About Mavacamten (MYK-461)
Mavacamten is a novel, oral, allosteric modulator of cardiac myosin being developed for the treatment of hypertrophic cardiomyopathy (HCM). Mavacamten is intended to reduce cardiac muscle contractility by inhibiting the excessive myosin-actin cross-bridge formation that underlies the excessive contractility, left ventricular hypertrophy and reduced compliance characteristic of HCM.  MyoKardia is currently advancing mavacamten in a pivotal Phase 3 clinical trial, known as the EXPLORER-HCM study, in patients with symptomatic, obstructive HCM and a Phase 2 clinical trial, the MAVERICK-HCM study, in patients with symptomatic non-obstructive HCM. Two long-term follow-up studies are also ongoing, the PIONEER open-label extension study of obstructive HCM patients from MyoKardia’s Phase 2 PIONEER trial and the MAVA-LTE, an extension study for patients who have completed either the EXPLORER-HCM or MAVERICK-HCM trials. In April 2016, the U.S. FDA granted Orphan Drug Designation for mavacamten for the treatment of symptomatic obstructive HCM. 

About MyoKardia
MyoKardia is a clinical-stage biopharmaceutical company pioneering a precision medicine approach to discover, develop and commercialize targeted therapies for the treatment of serious cardiovascular diseases. MyoKardia’s initial focus is on the development of small molecule therapeutics aimed at the muscle proteins of the heart that modulate cardiac muscle contraction and underlying diseases of systolic and diastolic dysfunction. MyoKardia applies a precision medicine approach to develop its therapeutic candidates for patient populations with shared characteristics, such as causal genetic mutations or disease subtypes. MyoKardia has discovered a pipeline of product candidates directed at diseases driven by excessive contraction, impaired relaxation, or insufficient contraction. Among its discoveries are three clinical-stage therapeutics: mavacamten (formerly MYK-461) in Phase 3 and Phase 2 clinical trials for hypertrophic cardiomyopathies (HCM); MYK-491 in Phase 2 for patients with stable heart failure; and MYK-224 in Phase 1 development for HCM.   
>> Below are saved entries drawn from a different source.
(* Let $G$ be a networked timed DES and let $\tilde{G}$ be its communication automaton, as defined in the context. Then $\psi(\mathcal{L}(\tilde{G}))=\mathcal{L}(G)$.
   Context: A timed automaton is $G=(Q,\tilde{\Sigma},\delta,\Gamma,q_0,Q_m)$ with finite state set $Q$, finite event set $\tilde{\Sigma}=\Sigma\cup\{tick\}$ ($tick$ denotes the elapse of one unit of time), partial transition function $\delta:Q\times\tilde{\Sigma}\to Q$ (extended to strings in the usual way), active event function $\Gamma$, initial state $q_0$ and marked states $Q_m$; $\mathcal{L}(G)=\{s:\delta(q_0,s)\text{ is defined}\}$, $\mathcal{L}_m(G)=\{s:\delta(q_0,s)\in Q_m\}$. Standing assumptions: there is a set $\Sigma_{for}\subseteq\Sigma$ of enforceable events; for all $q$ and all nonempty $s\in\Sigma^*$, $\delta(q,s)\neq q$; every state has at least one defined transition; and for every $s\in\mathcal{L}(G)$ with $s\,tick\notin\mathcal{L}(G)$ there is $\sigma\in\Sigma_{for}$ with $s\sigma\in\mathcal{L}(G)$. The system is $G=G_1\|\cdots\|G_n$ (parallel composition) where $G_i$ has event set $\tilde{\Sigma}_i$ and $\tilde{\Sigma}_i\cap\tilde{\Sigma}_j=\{tick\}$ for $i\neq j$; $\mathcal{A}=\{1,\dots,n\}$ indexes supervisors, supervisor $i$ having observable events $\tilde{\Sigma}_{o,i}\subseteq\tilde{\Sigma}_i$. Communication: a Boolean matrix $\mathbf{COM}\in\{0,1\}^{n\times n}$ with $\mathbf{COM}_{ii}=0$. For each $(i,j)$ with $\mathbf{COM}_{ij}=1$ there is a channel $\mathbf{CH}_{ij}$ from supervisor $i$ to supervisor $j$, a set $\Sigma_{ij}\subseteq\tilde{\Sigma}_{o,i}\setminus\{tick\}$ of events communicated from $i$ to $j$, a subset $\Sigma_{L,ij}\subseteq\Sigma_{ij}$ of events that may be lost, and a delay bound $N_{ij}\in\mathbb{N}$ (in $tick$s); channels are FIFO. For $\mathbf{COM}_{ij}=0$ put $\Sigma_{ij}=\emptyset$. A configuration of $\mathbf{CH}_{ij}$ is a finite sequence $\theta_{ij}=(\sigma_1,n_1)\cdots(\sigma_k,n_k)$ with $\sigma_d\in\Sigma_{ij}$, $n_d\in\{0,\dots,N_{ij}\}$ (number of $tick$s since $\sigma_d$ entered the channel); $\theta_{ij}=\varepsilon$ whenever $\mathbf{COM}_{ij}=0$. A channel state is the tuple $\bar\theta=(\theta_{ij})_{i,j\in\mathcal{A}}$. Let $\mathbf{MAX}(\theta_{ij})=n_1$ if $\theta_{ij}\neq\varepsilon$ and $0$ otherwise; $\varepsilon^+=\varepsilon$ and $((\sigma_1,n_1)\cdots(\sigma_k,n_k))^+=(\sigma_1,n_1+1)\cdots(\sigma_k,n_k+1)$. Operators: $\mathbf{TIME}(\bar\theta)=(\theta_{ij}^+)_{i,j}$, defined iff $\mathbf{MAX}(\theta_{ij}^+)\le N_{ij}$ for all $i,j$; for $\sigma\in\Sigma$, $\mathbf{IN}(\bar\theta,\sigma)$ replaces $\theta_{ij}$ by $\theta_{ij}(\sigma,0)$ for every $(i,j)$ with $\sigma\in\Sigma_{ij}$ and leaves the other components unchanged; for $\sigma\in\Sigma_{ij}$, $\mathbf{OUT}_{ij}(\bar\theta,\sigma)$ is defined iff $\theta_{ij}=(\sigma_1,n_1)\cdots(\sigma_k,n_k)\neq\varepsilon$ with $\sigma_1=\sigma$, and then removes $(\sigma_1,n_1)$ from $\theta_{ij}$; for $d\in\mathbb{N}$, $\mathbf{LOSS}_{ij}(\bar\theta,d)$ is defined iff $\theta_{ij}=(\sigma_1,n_1)\cdots(\sigma_k,n_k)\neq\varepsilon$, $d\le k$ and $\sigma_d\in\Sigma_{L,ij}$, and then removes the $d$th pair from $\theta_{ij}$. Fresh events: $f_{ij}(\sigma)$ for $\sigma\in\Sigma_{ij}$ (the first event $\sigma$ in $\mathbf{CH}_{ij}$ is delivered), forming $\Sigma^f$, and $g_{ij}(d)$ for $d\in\mathbb{N}$ (the $d$th event in $\mathbf{CH}_{ij}$ is lost), forming $\Sigma^g$; $f_{ij},g_{ij}$ are injective with pairwise disjoint images. The communication automaton $\tilde{G}$ is the accessible part of the automaton with states $(q,\bar\theta)$, event set $\tilde{E}\subseteq\tilde{\Sigma}\cup\Sigma^f\cup\Sigma^g$, initial state $(q_0,(\varepsilon)_{i,j})$, marked states $\{(q,\bar\theta):q\in Q_m\}$, and transition function $\tilde\delta$: $\tilde\delta((q,\bar\theta),tick)=(\delta(q,tick),\mathbf{TIME}(\bar\theta))$ if both are defined; $\tilde\delta((q,\bar\theta),\sigma)=(\delta(q,\sigma),\mathbf{IN}(\bar\theta,\sigma))$ for $\sigma\in\Sigma$ if $\delta(q,\sigma)$ is defined; $\tilde\delta((q,\bar\theta),f_{ij}(\sigma))=(q,\mathbf{OUT}_{ij}(\bar\theta,\sigma))$ if defined; $\tilde\delta((q,\bar\theta),g_{ij}(d))=(q,\mathbf{LOSS}_{ij}(\bar\theta,d))$ if defined; undefined otherwise. For a string $\mu$ over $\tilde E$, $\psi(\mu)$ is obtained by deleting all events of $\Sigma^f\cup\Sigma^g$; $\psi(L)=\{\psi(\mu):\mu\in L\}$. *)

From mathcomp Require Import all_boot.
Set Implicit Arguments.
Unset Strict Implicit.
Unset Printing Implicit Defensive.

Inductive tev (E : Type) : Type := Tick | Ev of E.
Arguments Tick {E}.
Arguments Ev {E} _.

Fixpoint dstar (Q Ev : Type) (d : Q -> Ev -> option Q) (q : Q) (s : seq Ev)
  : option Q :=
  match s with
  | [::] => Some q
  | a :: s' => match d q a with Some q' => dstar d q' s' | None => None end
  end.

Definition lang (Q Ev : Type) (d : Q -> Ev -> option Q) (q0 : Q) (s : seq Ev)
  : Prop := dstar d q0 s <> None.

Definition reachable (Q Ev : Type) (d : Q -> Ev -> option Q) (q0 : Q) (q : Q)
  : Prop := exists s, dstar d q0 s = Some q.

Definition standing_assumptions (Q E : Type) (d : Q -> tev E -> option Q)
  (q0 : Q) (Sfor : E -> Prop) : Prop :=
  (forall q, reachable d q0 q ->
     forall s : seq E, s <> [::] -> dstar d q (map Ev s) <> Some q) /\
  (forall q, reachable d q0 q -> exists a, d q a <> None) /\
  (forall s, lang d q0 s -> ~ lang d q0 (rcons s Tick) ->
     exists e, Sfor e /\ lang d q0 (rcons s (Ev e))).

(* Parallel composition G_1 || ... || G_n of components with pairwise disjoint
   event sets Sigma_i = { e | owner e = i } (tick shared by all). *)
Definition par_delta (n : nat) (E : Type) (owner : E -> 'I_n)
  (Q : 'I_n -> Type) (d : forall i, Q i -> tev E -> option (Q i))
  (q : forall i, Q i) (a : tev E) : option (forall i, Q i) :=
  match a with
  | Tick =>
      if [forall i, isSome (d i (q i) Tick)]
      then Some (fun i => odflt (q i) (d i (q i) Tick)) else None
  | Ev e =>
      match d (owner e) (q (owner e)) (Ev e) with
      | Some q' => Some (dfwith q q')
      | None => None
      end
  end.

Section Channels.
Variables (n : nat) (E : finType).
Variables (Sig SigL : 'I_n -> 'I_n -> {set E}) (N : 'I_n -> 'I_n -> nat).

Definition chanconf := seq (E * nat).
Definition chanstate := 'I_n -> 'I_n -> chanconf.

Definition chan_empty : chanstate := fun _ _ => [::].

Definition incr (th : chanconf) : chanconf := map (fun p => (p.1, p.2.+1)) th.

Definition MAX (th : chanconf) : nat := if th is p :: _ then p.2 else 0.

Definition TIME (th : chanstate) : option chanstate :=
  if [forall i, forall j, MAX (incr (th i j)) <= N i j]
  then Some (fun i j => incr (th i j)) else None.

Definition IN (th : chanstate) (e : E) : chanstate :=
  fun i j => if e \in Sig i j then rcons (th i j) (e, 0) else th i j.

Definition upd (th : chanstate) (i j : 'I_n) (c : chanconf) : chanstate :=
  fun i' j' => if (i' == i) && (j' == j) then c else th i' j'.

Definition OUT (i j : 'I_n) (th : chanstate) (e : E) : option chanstate :=
  match th i j with
  | (e', _) :: rest => if e' == e then Some (upd th i j rest) else None
  | [::] => None
  end.

(* LOSS_ij(theta, d): defined iff 1 <= d <= k and sigma_d in Sigma_L,ij;
   removes the d-th pair (pairs are numbered from 1). *)
Definition LOSS (i j : 'I_n) (th : chanstate) (d : nat) : option chanstate :=
  match onth (th i j) d.-1 with
  | Some (e, _) =>
      if (0 < d) && (e \in SigL i j)
      then Some (upd th i j (take d.-1 (th i j) ++ drop d (th i j)))
      else None
  | None => None
  end.

(* Events of the communication automaton: the original timed events, the
   delivery events f_ij(sigma) and the loss events g_ij(d). *)
Inductive cev : Type :=
  | Base of tev E
  | Fdel of 'I_n & 'I_n & E
  | Gloss of 'I_n & 'I_n & nat.

Definition ctrans (Q : Type) (d : Q -> tev E -> option Q)
  (x : Q * chanstate) (c : cev) : option (Q * chanstate) :=
  match c with
  | Base Tick =>
      match d x.1 Tick, TIME x.2 with
      | Some q, Some th => Some (q, th)
      | _, _ => None
      end
  | Base (Ev e) =>
      match d x.1 (Ev e) with Some q => Some (q, IN x.2 e) | None => None end
  | Fdel i j e =>
      if e \in Sig i j then
        match OUT i j x.2 e with Some th => Some (x.1, th) | None => None end
      else None
  | Gloss i j k =>
      match LOSS i j x.2 k with Some th => Some (x.1, th) | None => None end
  end.

Definition psi (mu : seq cev) : seq (tev E) :=
  pmap (fun c => if c is Base a then Some a else None) mu.

End Channels.

From mathcomp Require Import all_boot.

Set Implicit Arguments.
Unset Strict Implicit.
Unset Printing Implicit Defensive.

(* Erasing delivery and loss events maps every run of the communication
   automaton to a run of G, since those events leave the plant state alone.
   Conversely, a run of G is lifted by delivering every event to all of its
   recipients immediately after it occurs: the channels are then empty at
   every tick, so TIME is always defined.  Neither the standing assumptions nor
   the communication structure play any role. *)

Lemma dstar_cat (S A : Type) (f : S -> A -> option S) x l1 l2 :
  dstar f x (l1 ++ l2) = obind (dstar f ^~ l2) (dstar f x l1).
Proof. by elim: l1 x => [|a l IH] x //=; case: (f x a). Qed.

Section CommunicationAutomaton.
Variables (n : nat) (E : finType).
Variables (Sig SigL : 'I_n -> 'I_n -> {set E}) (N : 'I_n -> 'I_n -> nat).
Variables (Q : Type) (d : Q -> tev E -> option Q).

Notation ctrans := (ctrans Sig SigL N d).

Lemma dstar_psi mu x y :
  dstar ctrans x mu = Some y -> dstar d x.1 (psi mu) = Some y.1.
Proof.
elim: mu x => [|c mu IH] [q th] /=; first by case=> <-.
case: c => [[|e]|i j e|i j k] /=.
- by case: (d q Tick) (TIME N th) => [q1|] // [th1|] // /IH.
- by case: (d q (Ev e)) => [q1|] // /IH.
- by case: (e \in Sig i j) (OUT i j th e) => // [[th1|]] // /IH.
- by case: (LOSS SigL i j th k) => [th1|] // /IH.
Qed.

Lemma lang_psi x mu : lang ctrans x mu -> lang d x.1 (psi mu).
Proof.
by rewrite /lang; case run: (dstar _ x mu) => [y|] // _; rewrite (dstar_psi run).
Qed.

Definition chans_empty (th : chanstate n E) : Prop := forall i j, th i j = [::].

Lemma TIME_empty th :
  chans_empty th -> exists2 th', TIME N th = Some th' & chans_empty th'.
Proof.
move=> th0; rewrite /TIME.
have -> : [forall i, forall j, MAX (incr (th i j)) <= N i j].
  by apply/forallP => i; apply/forallP => j; rewrite th0.
by exists (fun i j => incr (th i j)) => // i j; rewrite th0.
Qed.

Definition recipients (e : E) : seq ('I_n * 'I_n) :=
  enum [pred ij : 'I_n * 'I_n | e \in Sig ij.1 ij.2].

Definition deliveries (e : E) : seq (cev n E) :=
  [seq Fdel ij.1 ij.2 e | ij <- recipients e].

Lemma psi_cat (mu1 mu2 : seq (cev n E)) : psi (mu1 ++ mu2) = psi mu1 ++ psi mu2.
Proof. exact: pmap_cat. Qed.

Lemma psi_deliveries e : psi (deliveries e) = [::].
Proof. by rewrite /deliveries; elim: (recipients e). Qed.

Lemma dstar_deliver q e (l : seq ('I_n * 'I_n)) th :
  uniq l -> {in l, forall ij, e \in Sig ij.1 ij.2} ->
  (forall i j, th i j = if (i, j) \in l then [:: (e, 0)] else [::]) ->
  exists2 th', dstar ctrans (q, th) [seq Fdel ij.1 ij.2 e | ij <- l]
                 = Some (q, th') & chans_empty th'.
Proof.
elim: l th => [|[i j] l IH] th /=; first by exists th.
move=> /andP [ijNl l_uniq] l_sig thE.
rewrite (l_sig (i, j)) ?mem_head // /OUT thE mem_head eqxx.
apply: IH => // [ij lij|i' j']; first by rewrite l_sig // inE lij orbT.
rewrite /upd thE inE xpair_eqE.
by case: andP => // [[/eqP -> /eqP ->]]; rewrite (negbTE ijNl).
Qed.

Lemma dstar_send_deliver q q' th e :
  chans_empty th -> d q (Ev e) = Some q' ->
  exists2 th', dstar ctrans (q, th) (Base n (Ev e) :: deliveries e)
                 = Some (q', th') & chans_empty th'.
Proof.
move=> th0 dqe /=; rewrite dqe.
apply: dstar_deliver; first exact: enum_uniq.
  by move=> ij; rewrite mem_enum.
by move=> i j; rewrite /IN th0 mem_enum.
Qed.

Lemma lang_lift q th s :
  chans_empty th -> lang d q s -> exists mu, lang ctrans (q, th) mu /\ psi mu = s.
Proof.
elim: s q th => [|a s IH] q th th0; first by exists [::].
rewrite /lang /=; case dqa: (d q a) => [q1|] // /IH IHs.
case: a dqa => [|e] dqa.
- have [th1 TIMEth th10] := TIME_empty th0.
  have [mu [run <-]] := IHs _ th10.
  by exists (Base n Tick :: mu); rewrite /lang /= dqa TIMEth.
- have [th1 send th10] := dstar_send_deliver th0 dqa.
  have [mu [run <-]] := IHs _ th10.
  exists (Base n (Ev e) :: deliveries e ++ mu); split.
    by rewrite /lang -cat_cons dstar_cat send.
  by rewrite /= psi_cat psi_deliveries.
Qed.

End CommunicationAutomaton.

Theorem proposition1
  (n : nat) (E : finType)
  (* Sigma = E; Sigma_i = { e | owner e = i }: pairwise disjoint, union Sigma *)
  (owner : E -> 'I_n)
  (* components G_i *)
  (Q : 'I_n -> finType) (q0 : forall i, Q i)
  (d : forall i, Q i -> tev E -> option (Q i))
  (* enforceable events, observable events *)
  (Sfor : {set E}) (obs : 'I_n -> pred (tev E))
  (* communication structure *)
  (COM : 'I_n -> 'I_n -> bool) (Sig SigL : 'I_n -> 'I_n -> {set E})
  (N : 'I_n -> 'I_n -> nat)
  (HG : standing_assumptions (par_delta owner d) q0 (fun e => e \in Sfor))
  (Hobs : forall i a, obs i a -> a = Tick \/ exists e, a = Ev e /\ owner e = i)
  (HCOM : forall i, COM i i = false)
  (HSig0 : forall i j, COM i j = false -> Sig i j = set0)
  (HSigobs : forall i j e, e \in Sig i j -> obs i (Ev e))
  (HSigL : forall i j, SigL i j \subset Sig i j) :
  forall s : seq (tev E),
    (exists mu, lang (ctrans Sig SigL N (par_delta owner d)) (q0, @chan_empty n E) mu
                /\ psi mu = s)
    <-> lang (par_delta owner d) q0 s.
Proof.
move=> s; split; first by case=> mu [/lang_psi run <-].
exact: lang_lift.
Qed.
MyoKardia’s mission is to change the world for people with serious cardiovascular disease through bold and innovative science.

Forward-looking Statement
Statements we make in this press release may include statements which are not historical facts and are considered forward-looking within the meaning of Section 27A of the Securities Act of 1933, as amended, and Section 21E of the Securities Exchange Act of 1934, as amended, which are usually identified by the use of words such as "anticipates," "believes," "estimates," "expects," "intends," "may," "plans," "projects," "seeks," "should," "will," and variations of such words or similar expressions. We intend these forward-looking statements to be covered by the safe harbor provisions for forward-looking statements contained in Section 27A of the Securities Act and Section 21E of the Securities Exchange Act and are making this statement for purposes of complying with those safe harbor provisions. These forward-looking statements, including statements regarding the clinical and therapeutic potential of mavacamten, reflect our current views about our plans, intentions, expectations, strategies and prospects, which are based on the information currently available to us and on assumptions we have made. Although we believe that our plans, intentions, expectations, strategies and prospects as reflected in or suggested by those forward-looking statements are reasonable, we can give no assurance that the plans, intentions, expectations or strategies will be attained or achieved. Furthermore, actual results may differ materially from those described in the forward-looking statements and will be affected by a variety of risks and factors that are beyond our control including, without limitation, risks associated with the development and regulation of our product candidates, as well as those set forth in our Quarterly Report on Form 10-Q for the quarter ended June 30, 2019, and our other filings with the SEC. Except as required by law, we assume no obligation to update publicly any forward-looking statements, whether as a result of new information, future events or otherwise.


Michelle Corral 
Senior Director, Corporate Communications and Investor Relations 
MyoKardia, Inc. 

Hannah Deresiewicz (investors) 
Stern Investor Relations, Inc. 

Steven Cooper (media)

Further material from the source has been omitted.